Se repuso con el triunfo en Monza y la segunda posición en Jerez, carrera en la que Palmer abandonó por un accidente. Eran 71 puntos para el inglés y 64 para Philippe, con 3 carreras para el final. Streiff podía vencer si ganaba las 3 carreras, pero en México ganó Alliot y el acabó 3º, por detrás de su compañero Palmer y complicándose el título. Si Jonathan acababa por delante de él en Suzuka, penúltimo GP, se proclamaría campeón. Y eso hizo Palmer ganó con facilidad la carrera y se llevó el primer «Trofeo Jim Clark» con siete triunfos, Philippe Streiff logró cuatro, Philippe Alliot (Lola), a menudo por delante de los Tyrrell en los entrenamientos, con tres, Ivan Capelli (March) con dos y luego clasificaron Fabre, Moreno, Dalmas y Larini.

La realidad era más dura, Palmer apenas sumó 7 puntos para el campeonato «real», acabando 11º, y demostrando que los V8 de Cosworth que tan competitivos fueron en los años 60 y 70 ya estaban totalmente desfasados.En el fondo, o no tanto, los trofeos Jim Clark y Colin Chapman estaban un tanto descafeinados, la gente estaba más centrada en la pelea entre Mansell y Piquet, pero la FISA había cumplido su objetivo, los motores turbo iban a ser prohibidos en 1989 por motivos de seguridad y para preservar el futuro de las escuderías pequeñas, el darle un certamen propio a los motores atmosféricos en 1987 serviría para “empezar a hablar” de nuevo de estos propulsores e introducirlos poco a poco de nuevo en la máxima. Por ello, una vez dada la publicidad, los trofeos se retiraron y en 1988 no se volvió a saber de ellos.

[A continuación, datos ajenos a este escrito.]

(* Let $|\cdot|$ denote the Euclidean norm on $\mathbb{R}^n$ and $\langle\cdot,\cdot\rangle$ the Euclidean inner product. Let $l_0,l_1,\bar l_0,\bar l_1\in\mathbb{R}^n$ satisfy the two sticks condition $$|l_1-\bar l_0|\ge |l_1-l_0|\quad\text{and}\quad |\bar l_1-l_0|\ge |\bar l_1-\bar l_0|.$$ Then $$\langle l_1-\bar l_1,\ l_0-\bar l_0\rangle\ge 0.$$ Consequently, for every $0\le t\le 1$, writing $l_t=(1-t)l_0+tl_1$ and $\bar l_t=(1-t)\bar l_0+t\bar l_1$, $$(1-t)^2|l_0-\bar l_0|^2+t^2|l_1-\bar l_1|^2\le |l_t-\bar l_t|^2.$$
   Context: The points $l_0,l_1$ are the initial and terminal points of the directed segment (''stick'') $[l_0,l_1]$, and similarly for $[\bar l_0,\bar l_1]$; the sticks need not have equal length. *)

From HB Require Import structures.
From mathcomp Require Import all_boot all_order all_algebra.
From mathcomp Require Import reals.
Set Implicit Arguments. Unset Strict Implicit. Unset Printing Implicit Defensive.
Import Order.TTheory GRing.Theory Num.Theory.
Local Open Scope ring_scope.

Definition dotv (R : realType) (n : nat) (u v : 'rV[R]_n) : R :=
  \sum_(i < n) u 0 i * v 0 i.

Definition enorm (R : realType) (n : nat) (u : 'rV[R]_n) : R :=
  Num.sqrt (dotv u u).

From HB Require Import structures.
From mathcomp Require Import all_boot all_order all_algebra.
From mathcomp Require Import reals.
From mathcomp Require Import ring lra.
Import Order.TTheory GRing.Theory Num.Theory.
Local Open Scope ring_scope.

(* Euler's four-point identity
     2 <l1 - lb1, l0 - lb0> = |l1 - lb0|^2 + |lb1 - l0|^2 - |l1 - l0|^2 - |lb1 - lb0|^2
   turns the two sticks condition into the sign of the inner product.  Writing
   l_t - lb_t = (1 - t)(l0 - lb0) + t (l1 - lb1) and expanding the square, the
   second claim follows since the cross term 2t(1 - t)<l1 - lb1, l0 - lb0> is
   nonnegative. *)

Section InnerProduct.
Variables (R : realType) (n : nat).
Implicit Types (x y z : 'rV[R]_n) (a : R).

Lemma dotvC x y : dotv x y = dotv y x.
Proof. by apply: eq_bigr => i _; rewrite mulrC. Qed.

Lemma dotvDl x y z : dotv (x + y) z = dotv x z + dotv y z.
Proof. by rewrite /dotv -big_split; apply: eq_bigr => i _; rewrite mxE mulrDl. Qed.

Lemma dotvZl a x y : dotv (a *: x) y = a * dotv x y.
Proof. by rewrite /dotv mulr_sumr; apply: eq_bigr => i _; rewrite mxE mulrA. Qed.

Lemma dotvDr x y z : dotv x (y + z) = dotv x y + dotv x z.
Proof. by rewrite dotvC dotvDl !(dotvC x). Qed.

Lemma dotvZr a x y : dotv x (a *: y) = a * dotv x y.
Proof. by rewrite dotvC dotvZl dotvC. Qed.

Lemma dotv_ge0 x : 0 <= dotv x x.
Proof. by apply: sumr_ge0 => i _; rewrite -expr2 sqr_ge0. Qed.

Lemma enorm_sqr x : enorm x ^+ 2 = dotv x x.
Proof. by rewrite sqr_sqrtr // dotv_ge0. Qed.

Lemma ler_enorm x y : (enorm x <= enorm y) = (dotv x x <= dotv y y).
Proof. by rewrite ler_sqrt // dotv_ge0. Qed.

Lemma dotv_four_point (a b c d : 'rV[R]_n) :
  2 * dotv (a - d) (b - c) =
  dotv (a - c) (a - c) + dotv (d - b) (d - b)
  - dotv (a - b) (a - b) - dotv (d - c) (d - c).
Proof.
rewrite /dotv mulr_sumr -big_split -!sumrB /=.
by apply: eq_bigr => i _; rewrite !mxE; ring.
Qed.

Lemma dotv_scale_add_sqr a (b : R) x y :
  dotv (a *: x + b *: y) (a *: x + b *: y) =
  a ^+ 2 * dotv x x + b ^+ 2 * dotv y y + 2 * (a * b) * dotv y x.
Proof.
rewrite !(dotvDl, dotvDr, dotvZl, dotvZr) (dotvC x y); ring.
Qed.

End InnerProduct.

Lemma two_sticks_dotv_ge0 (R : realType) (n : nat) (l0 l1 lb0 lb1 : 'rV[R]_n) :
  enorm (l1 - l0) <= enorm (l1 - lb0) ->
  enorm (lb1 - lb0) <= enorm (lb1 - l0) ->
  0 <= dotv (l1 - lb1) (l0 - lb0).
Proof.
rewrite !ler_enorm => le1 le2.
have : 0 <= 2 * dotv (l1 - lb1) (l0 - lb0) by rewrite dotv_four_point; lra.
by rewrite pmulr_rge0.
Qed.

Lemma convex_combination_subr (R : ringType) (V : lmodType R) (t : R)
    (x0 x1 y0 y1 : V) :
  (1 - t) *: x0 + t *: x1 - ((1 - t) *: y0 + t *: y1) =
  (1 - t) *: (x0 - y0) + t *: (x1 - y1).
Proof. by rewrite !scalerBr opprD addrACA. Qed.

Theorem proposition3p1 (R : realType) (n : nat) (l0 l1 lb0 lb1 : 'rV[R]_n) :
  enorm (l1 - lb0) >= enorm (l1 - l0) ->
  enorm (lb1 - l0) >= enorm (lb1 - lb0) ->
  0 <= dotv (l1 - lb1) (l0 - lb0) /\
  (forall t : R, 0 <= t <= 1 ->
     (1 - t) ^+ 2 * enorm (l0 - lb0) ^+ 2 + t ^+ 2 * enorm (l1 - lb1) ^+ 2
     <= enorm (((1 - t) *: l0 + t *: l1) - ((1 - t) *: lb0 + t *: lb1)) ^+ 2).
Proof.
move=> le1 le2.
have dot_ge0 : 0 <= dotv (l1 - lb1) (l0 - lb0) by exact: two_sticks_dotv_ge0.
split=> // t /andP[t_ge0 t_le1].
rewrite convex_combination_subr !enorm_sqr dotv_scale_add_sqr lerDl.
by rewrite mulr_ge0 // mulr_ge0 // mulr_ge0 // subr_ge0.
Qed.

Palmer y Tyrrell disfrutaron de sus pequeños éxitos, los últimos de su historia y la F1 retornó a la normalidad, una única categoría y sólo un piloto y equipo campeón.Como muestra de que los atmosféricos lo hicieron mejor de lo esperado, hay que señalar que salvo Coloni con el FC187, todos lograron puntuar “de verdad” en al menos una ocasión, destacando los cuarto y quinto lugares de los Tyrrell en Alemania, en un GP plagado de abandonos. Tyrrell, de hecho, acabó en una más que honrosa sexta posición del mundial con once puntos superando a equipos con motor turbo, como Brabham y Ligier.

Destacar que ese año se modificó un poco la normativa para dar más oportunidad a los coches con motores atmosféricos que pasaron de 3000 cc a 3500, el peso mínimo bajó de 540 Kg a 500 sin limitación de carburante, a diferencia de los turbo, que aparte de seguir pesando lo mismo que antes (540 Kg), sólo disponían de 195 litros para cubrir la distancia para motores de 900 CV. El tipo de motor era con pistones alternativos de 4 tiempos, de no más de 12 cilindros e ilimitado en las RPM. Todos los participantes de ese trofeo montaban el mismo motor, el Ford Cosworth DFZ, evolución del mítico DFV que rendía 580 CV.

Un bonito recuerdo estos títulos para Palmer y Tyrrell. Algunos dirán que ganaron los trofeos sin oposición y que uno es más o menos bueno en relación a la competencia a la que se enfrenta, pero a Tyrrell no se le regaló nada y se permitió el lujo de superar en carrera a coches mucho más potentes. Y eso no se consigue de casualidad. Hicieron un brillante trabajo con los medios que disponían.Esta es la historia de estos campeonatos dentro de los otros campeonatos, algo inédito en F1 y que solo ocurrió ese año.